(Provided records begins)
Lemma sum_normr_sqr (X : finType) (P : pred X) (a : state X) :
  \sum_(x | P x) `|a x| ^+ 2 = (\sum_(x | P x) normc (a x) ^+ 2)%:C%C.
Proof. by rewrite rmorph_sum; apply: eq_bigr => x _; rewrite normr_normc rmorphXn. Qed.

Section InnerProduct.
Variable X : finType.
Implicit Types (a b : state X) (U : op X).

Definition dotp a b : CC := \sum_x (a x)^* * b x.

Lemma dotp_unitary U a b : unitary U -> dotp (apply_op U a) (apply_op U b) = dotp a b.
Proof.
case=> U_isometry _; rewrite /dotp /apply_op.
under eq_bigr => x _ do rewrite rmorph_sum big_distrlr /=.
rewrite exchange_big; apply: eq_bigr => y _ /=; rewrite exchange_big /=.
have unit_col z : \sum_x (U x y * a y)^* * (U x z * b z) = (y == z)%:R * ((a y)^* * b z).
  rewrite -U_isometry mulr_suml; apply: eq_bigr => x _; rewrite rmorphM /=; ring.
under eq_bigr => z _ do rewrite unit_col.
by rewrite (bigD1 y) //= eqxx mul1r big1 ?addr0 // => z; rewrite eq_sym => /negPf ->; rewrite mul0r.
Qed.

Lemma dotp_self a : dotp a a = \sum_x `|a x| ^+ 2.
Proof. by apply: eq_bigr => x _; rewrite -normCKC. Qed.

Lemma normalized_normc a :
  normalized a -> \sum_x normc (a x) ^+ 2 = 1.
Proof. by rewrite /normalized sum_normr_sqr => /(congr1 (@complex.Re RR)). Qed.

Lemma normc_dotp_le a b : normc (dotp a b) <= \sum_x normc (a x) * normc (b x).
Proof.
rewrite /dotp; apply: (le_trans (normc_sum xpredT _)).
by under eq_bigr => x _ do rewrite normc_mul normc_conj.
Qed.

Lemma sum_weighted_amgm (P : pred X) (f g : X -> RR) (t : RR) : 0 < t ->
  \sum_(x | P x) f x * g x <=
  (t * \sum_(x | P x) f x ^+ 2 + (\sum_(x | P x) g x ^+ 2) / t) / 2.
Proof.
move=> t_gt0; rewrite mulr_sumr mulr_suml -big_split mulr_suml /=.
by apply: ler_sum => x _; exact: weighted_amgm.
Qed.

Lemma normc_dotp_separated (P : pred X) a b :
  \sum_x normc (a x) ^+ 2 = 1 -> \sum_x normc (b x) ^+ 2 = 1 ->
  2 / 3 <= \sum_(x | P x) normc (a x) ^+ 2 ->
  2 / 3 <= \sum_(x | ~~ P x) normc (b x) ^+ 2 ->
  normc (dotp a b) <= 17 / 18.
Proof.
move=> a1 b1 aP bNP; rewrite (bigID P) /= in a1; rewrite (bigID P) /= in b1.
(* AM-GM with weight 3/4 where [a] concentrates and 4/3 on the complement. *)
have t34 : 0 < 3 / 4 :> RR by lra.
have t43 : 0 < 4 / 3 :> RR by lra.
have := normc_dotp_le a b; rewrite (bigID P) /=.
have := sum_weighted_amgm P (fun x => normc (a x)) (fun x => normc (b x)) t34.
have := sum_weighted_amgm (predC P) (fun x => normc (a x)) (fun x => normc (b x)) t43.
rewrite /=; lra.
Qed.

End InnerProduct.

Section Oracle.
Variables n m : nat.
Implicit Types (s : 'S_n) (a b : state (basis n m)) (x : basis n m).

Definition qi x : 'I_n := x.1.1.1.
Definition qj x : 'I_n := x.1.1.2.
Definition query_entry s x : bool := perm_entry s (qi x) (qj x).
Definition query_flip s x : basis n m :=
  let: (i, j, c, w) := x in (i, j, c (+) perm_entry s i j, w).

Lemma oracleE s a x : oracle s a x = a (query_flip s x).
Proof. by case: x => [[[i j] c] w]. Qed.

Lemma query_flipK s : involutive (query_flip s).
Proof. by case=> [[[i j] c] w] /=; rewrite addbK. Qed.

Lemma qi_flip s x : qi (query_flip s x) = qi x.
Proof. by case: x => [[[i j] c] w]. Qed.

Lemma qj_flip s x : qj (query_flip s x) = qj x.
Proof. by case: x => [[[i j] c] w]. Qed.

Lemma query_flip_eq s s' x :
  query_entry s x = query_entry s' x -> query_flip s x = query_flip s' x.
Proof. by case: x => [[[i j] c] w]; rewrite /query_entry /= => ->. Qed.

Lemma dotp_oracle s a b : dotp (oracle s a) (oracle s b) = dotp a b.
Proof.
rewrite /dotp [RHS](reindex_inj (inv_inj (query_flipK s))) /=.
by apply: eq_bigr => x _; rewrite !oracleE.
Qed.

Lemma sum_query_flip s s' s0 (f : basis n m -> RR) :
  \sum_(x | query_entry s x != query_entry s' x) f (query_flip s0 x) =
  \sum_(x | query_entry s x != query_entry s' x) f x.
Proof.
rewrite [RHS](reindex_inj (inv_inj (query_flipK s0))) /=.
by apply: eq_bigl => x; rewrite /query_entry qi_flip qj_flip.
Qed.

Lemma dotp_oracleB s s' a b :
  dotp (oracle s a) (oracle s' b) - dotp a b =
  \sum_(x | query_entry s x != query_entry s' x)
    (a (query_flip s x))^* * (b (query_flip s' x) - b (query_flip s x)).
Proof.
rewrite /dotp [X in _ - X](reindex_inj (inv_inj (query_flipK s))) /= -sumrB.
rewrite (bigID (fun x => query_entry s x != query_entry s' x)) /=.
rewrite [X in _ + X]big1 ?addr0 => [|x /negPn /eqP same].
  by apply: eq_bigr => x _; rewrite !oracleE mulrBr.
by rewrite !oracleE (query_flip_eq same) subrr.
Qed.

Lemma normc_dotp_oracleB s s' (w : 'I_n -> 'I_n -> RR) a b :
  (forall i j, 0 < w i j) ->
  normc (dotp (oracle s a) (oracle s' b) - dotp a b) <=
  \sum_(x | query_entry s x != query_entry s' x)
    (w (qi x) (qj x) * normc (a x) ^+ 2 + normc (b x) ^+ 2 / w (qi x) (qj x)).
Proof.
move=> w_gt0; pose wt x := w (qi x) (qj x).
have wt_flip s0 x : wt (query_flip s0 x) = wt x by rewrite /wt qi_flip qj_flip.
(* Bound each term by the triangle inequality and AM-GM with weight [wt x];
   the flips fix the query position, so reindexing by them collects the sums. *)
pose A x := wt x * normc (a x) ^+ 2 / 2.
pose B x := normc (b x) ^+ 2 / wt x / 2.
rewrite dotp_oracleB.
apply: (le_trans (normc_sum (fun x => query_entry s x != query_entry s' x) _)).
apply: (@le_trans _ _ (\sum_(x | query_entry s x != query_entry s' x)
  (A (query_flip s x) + B (query_flip s' x) + (A (query_flip s x) + B (query_flip s x))))).
  apply: ler_sum => x _; rewrite normc_mul normc_conj /A /B !wt_flip.
  set a1 := a (query_flip s x); set b1 := b (query_flip s' x); set b2 := b (query_flip s x).
  have tri : normc (b1 - b2) <= normc b1 + normc b2 by rewrite -(normcN b2) le_normcD.
  have := ler_wpM2l (normc_ge0 a1) tri.
  have := weighted_amgm (normc a1) (normc b1) (w_gt0 (qi x) (qj x)).
  have := weighted_amgm (normc a1) (normc b2) (w_gt0 (qi x) (qj x)).
  rewrite -/(wt x); lra.
rewrite !big_split /= !sum_query_flip -!big_split /=.
by apply: ler_sum => x _; rewrite /A /B /wt; lra.
Qed.

End Oracle.

Local Close Scope ring_scope.

Lemma sum_odd_eq k (c : bool) : \sum_(i < k.*2) (odd i == c : nat) = k.
Proof.
elim: k => [|k IHk]; first by rewrite big_ord0.
by rewrite doubleS !big_ord_recr /= {}IHk odd_double; case: c; rewrite ?addn0 ?addn1.
Qed.

Lemma sum_eq1 (I : finType) (a : I) : \sum_(i : I) (i == a : nat) = 1.
Proof. by rewrite (bigD1 a) //= eqxx big1 // => i /negPf ->. Qed.

Section SwapConjugation.
Variable n : nat.
Implicit Types (s : 'S_n) (p : 'I_n * 'I_n) (i j : 'I_n).

Definition fpf_involutionb s : bool := [forall i, (s (s i) == i) && (s i != i)].

Lemma fpf_involutionP s : reflect (fpf_involution s) (fpf_involutionb s).
Proof.
apply: (iffP forallP) => fpf i; first by case/andP: (fpf i) => /eqP -> /eqP.
by case: (fpf i) => -> /eqP ->; rewrite eqxx.
Qed.

Lemma fpf_involution_exists : ~~ odd n -> 0 < n -> exists s, fpf_involutionb s.
Proof.
move=> n_even n_gt0; pose k := n./2.
have n_2k : n = k * 2 by rewrite muln2 -[LHS]odd_double_half (negPf n_even).
pose f i : 'I_n := Ordinal (ltn_pmod (i + k) n_gt0).
have fK : involutive f.
  move=> i; apply: val_inj => /=.
  by rewrite modnDml -addnA addnn -mul2n mulnC -n_2k modnDr modn_small.
have f_neq i : f i != i.
  apply/eqP => /(congr1 val) /= /eqP.
  rewrite -{2}(modn_small (ltn_ord i)) -{2}(addn0 i) eqn_modDl mod0n modn_small; lia.
exists (perm (can_inj fK)); apply/forallP => i.
by rewrite !permE fK eqxx f_neq.
Qed.

Definition tconj p s : 'S_n := (s ^ tperm p.1 p.2)%g.

Lemma tconjE p s i : tconj p s i = tperm p.1 p.2 (s (tperm p.1 p.2 i)).
Proof. by rewrite /tconj conjgE tpermV !permM. Qed.

Lemma tconjK p : involutive (tconj p).
Proof. by move=> s; apply/permP => i; rewrite !tconjE !tpermK. Qed.

Lemma fpf_involutionb_tconj p s : fpf_involutionb (tconj p s) = fpf_involutionb s.
Proof.
suff fpfJ s' : fpf_involutionb s' -> fpf_involutionb (tconj p s').
  by apply/idP/idP => /fpfJ //; rewrite tconjK.
move/fpf_involutionP => fpf; apply/fpf_involutionP => i; rewrite !tconjE tpermK.
have [ss neq] := fpf (tperm p.1 p.2 i).
by split=> [|/(congr1 (tperm p.1 p.2))]; rewrite ?ss tpermK.
Qed.

Definition good_swap s p : bool := (odd p.1 != odd p.2) && (s p.1 != p.2).

Lemma good_swap_tconj p s : fpf_involution s -> good_swap (tconj p s) p = good_swap s p.
Proof.
case: p => b c fpf; rewrite /good_swap tconjE /= tpermL; congr (_ && _).
have [sbb _] := fpf b; have [scc _] := fpf c.
apply/idP/idP; apply: contra => /eqP E.
  by rewrite -E sbb tpermL.
by move/(congr1 (tperm b c)): E; rewrite tpermK tpermR => <-; rewrite scc.
Qed.

Lemma descriptor_tconj p s :
  fpf_involution s -> good_swap s p -> descriptor (tconj p s) != descriptor s.
Proof.
case: p => b c fpf /andP [/= odd_bc sb_c].
apply/eqP => /ffunP /(_ (s b)); rewrite !ffunE tconjE /=.
have [sbb sb_b] := fpf b.
have b_sb : b != s b by rewrite eq_sym; apply/eqP.
have c_sb : c != s b by rewrite eq_sym.
by rewrite (tpermD b_sb c_sb) sbb tpermL => odd_cb; move: odd_bc; rewrite odd_cb eqxx.
Qed.

Lemma sum_fst_eq i : \sum_(p : 'I_n * 'I_n) (p.1 == i : nat) = n.
Proof.
rewrite -(pair_big xpredT xpredT (fun b c : 'I_n => (b == i : nat))) /=.
by under eq_bigr => b _ do rewrite sum_nat_const card_ord; rewrite -big_distrr /= sum_eq1 muln1.
Qed.

Lemma sum_snd_eq i : \sum_(p : 'I_n * 'I_n) (p.2 == i : nat) = n.
Proof.
rewrite -(pair_big xpredT xpredT (fun b c : 'I_n => (c == i : nat))) /=.
by under eq_bigr => b _ do rewrite sum_eq1; rewrite sum1_card card_ord.
Qed.

Lemma tconj_new_entry s b c i j : fpf_involution s -> s i != j -> tconj (b, c) s i = j ->
  [|| (b, c) == (i, s j), (b, c) == (s j, i), (b, c) == (j, s i) | (b, c) == (s i, j)].
Proof.
move=> fpf sij; rewrite tconjE /= => /(congr1 (tperm b c)); rewrite tpermK.
have ss x : s (s x) = x by case: (fpf x).
have sx x : s x <> x by case: (fpf x).
case: (tpermP b c i) => [ib|ic|bi ci]; case: (tpermP b c j) => [jb|jc|bj cj] E.
- by case: (sx c).
- by move: sij; rewrite ib jc -E ss eqxx.
- by apply/or4P; apply: Or41; rewrite ib -E ss.
- by move: sij; rewrite ic jb -E ss eqxx.
- by case: (sx b).
- by apply/or4P; apply: Or42; rewrite ic -E ss.
- by apply/or4P; apply: Or43; rewrite jb E.
- by apply/or4P; apply: Or44; rewrite jc E.
- by move: sij; rewrite E eqxx.
Qed.

Lemma count_entry_changes s i j : fpf_involution s ->
  \sum_(p | perm_entry s i j != perm_entry (tconj p s) i j) 1 <=
  if perm_entry s i j then 4 * n else 4.
Proof.
move=> fpf; rewrite /perm_entry; have [sij | sij] := eqVneq (s i) j.
  apply: (@leq_trans (\sum_p ((p.1 == i) + (p.1 == j) + (p.2 == i) + (p.2 == j)))).
    rewrite big_mkcond /=; apply: leq_sum => p _; case: ifP => // changed.
    rewrite !addn_gt0 !lt0b; apply: contraLR changed.
    rewrite !negb_or => /andP [/andP [/andP [p1i p1j] p2i] p2j].
    by rewrite tconjE (tpermD p1i p2i) sij (tpermD p1j p2j) eqxx.
  by rewrite !big_split /= !sum_fst_eq !sum_snd_eq; lia.
apply: (@leq_trans (\sum_p
   ((p == (i, s j)) + (p == (s j, i)) + (p == (j, s i)) + (p == (s i, j))))).
  rewrite big_mkcond /=; apply: leq_sum => [[b c]] _; case: ifP => // /eqP hit.
  by rewrite !addn_gt0 !lt0b -!orbA tconj_new_entry //; apply/eqP; case: eqP hit.
by rewrite !big_split /= !sum_eq1.
Qed.

Lemma good_swap_count s : ~~ odd n -> n * n./2 - n <= \sum_(p | good_swap s p) 1.
Proof.
move=> n_even.
have parity_bound : \sum_(p : 'I_n * 'I_n) (odd p.1 != odd p.2 : nat) <=
    \sum_(p | good_swap s p) 1 + \sum_(p : 'I_n * 'I_n) (s p.1 == p.2 : nat).
  rewrite [X in _ <= X + _]big_mkcond -big_split; apply: leq_sum => p _ /=.
  by rewrite /good_swap; case: (odd p.1 != odd p.2); case: (s p.1 == p.2).
have graph_size : \sum_(p : 'I_n * 'I_n) (s p.1 == p.2 : nat) = n.
  rewrite -(pair_big xpredT xpredT (fun b c : 'I_n => (s b == c : nat))) /=.
  under eq_bigr => b _ do under eq_bigr => c _ do rewrite eq_sym.
  by under eq_bigr => b _ do rewrite sum_eq1; rewrite sum1_card card_ord.
have parity_size : \sum_(p : 'I_n * 'I_n) (odd p.1 != odd p.2 : nat) = n * n./2.
  rewrite -(pair_big xpredT xpredT (fun b c : 'I_n => (odd b != odd c : nat))) /=.
  have n_2k : n = (n./2).*2 by rewrite -[LHS]odd_double_half (negPf n_even).
  transitivity (\sum_(b < n) n./2); last by rewrite sum_nat_const card_ord.
  apply: eq_bigr => b _; have := sum_odd_eq n./2 (~~ odd b); rewrite -n_2k => <-.
  by apply: eq_bigr => c _; case: (odd b); case: (odd c).
lia.
Qed.

Lemma sum_good_swap_sym (V : nmodType) (F : 'S_n -> 'S_n -> V) :
  (\sum_(s | fpf_involutionb s) \sum_(p | good_swap s p) F s (tconj p s) =
   \sum_(s | fpf_involutionb s) \sum_(p | good_swap s p) F (tconj p s) s)%R.
Proof.
rewrite !pair_big_dep /=.
pose flip (sp : 'S_n * ('I_n * 'I_n)) := (tconj sp.2 sp.1, sp.2).
have flipK : involutive flip by case=> s p; rewrite /flip /= tconjK.
rewrite (reindex_inj (inv_inj flipK)) /=.
apply: eq_big => [[s p]|[s p] _] /=; last by rewrite tconjK.
rewrite fpf_involutionb_tconj; case/boolP: (fpf_involutionb s) => //= /fpf_involutionP.
exact: good_swap_tconj.
Qed.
(Provided records ends)
Required action:
Looking at the data above, return every line from the one with "- by apply/or4P; apply: Or44; rewrite jc E." down to the one with "move=> fpf; rewrite", exactly and inclusively.

Written answer:
- by apply/or4P; apply: Or44; rewrite jc E.
- by move: sij; rewrite E eqxx.
Qed.

Lemma count_entry_changes s i j : fpf_involution s ->
  \sum_(p | perm_entry s i j != perm_entry (tconj p s) i j) 1 <=
  if perm_entry s i j then 4 * n else 4.
Proof.
move=> fpf; rewrite /perm_entry; have [sij | sij] := eqVneq (s i) j.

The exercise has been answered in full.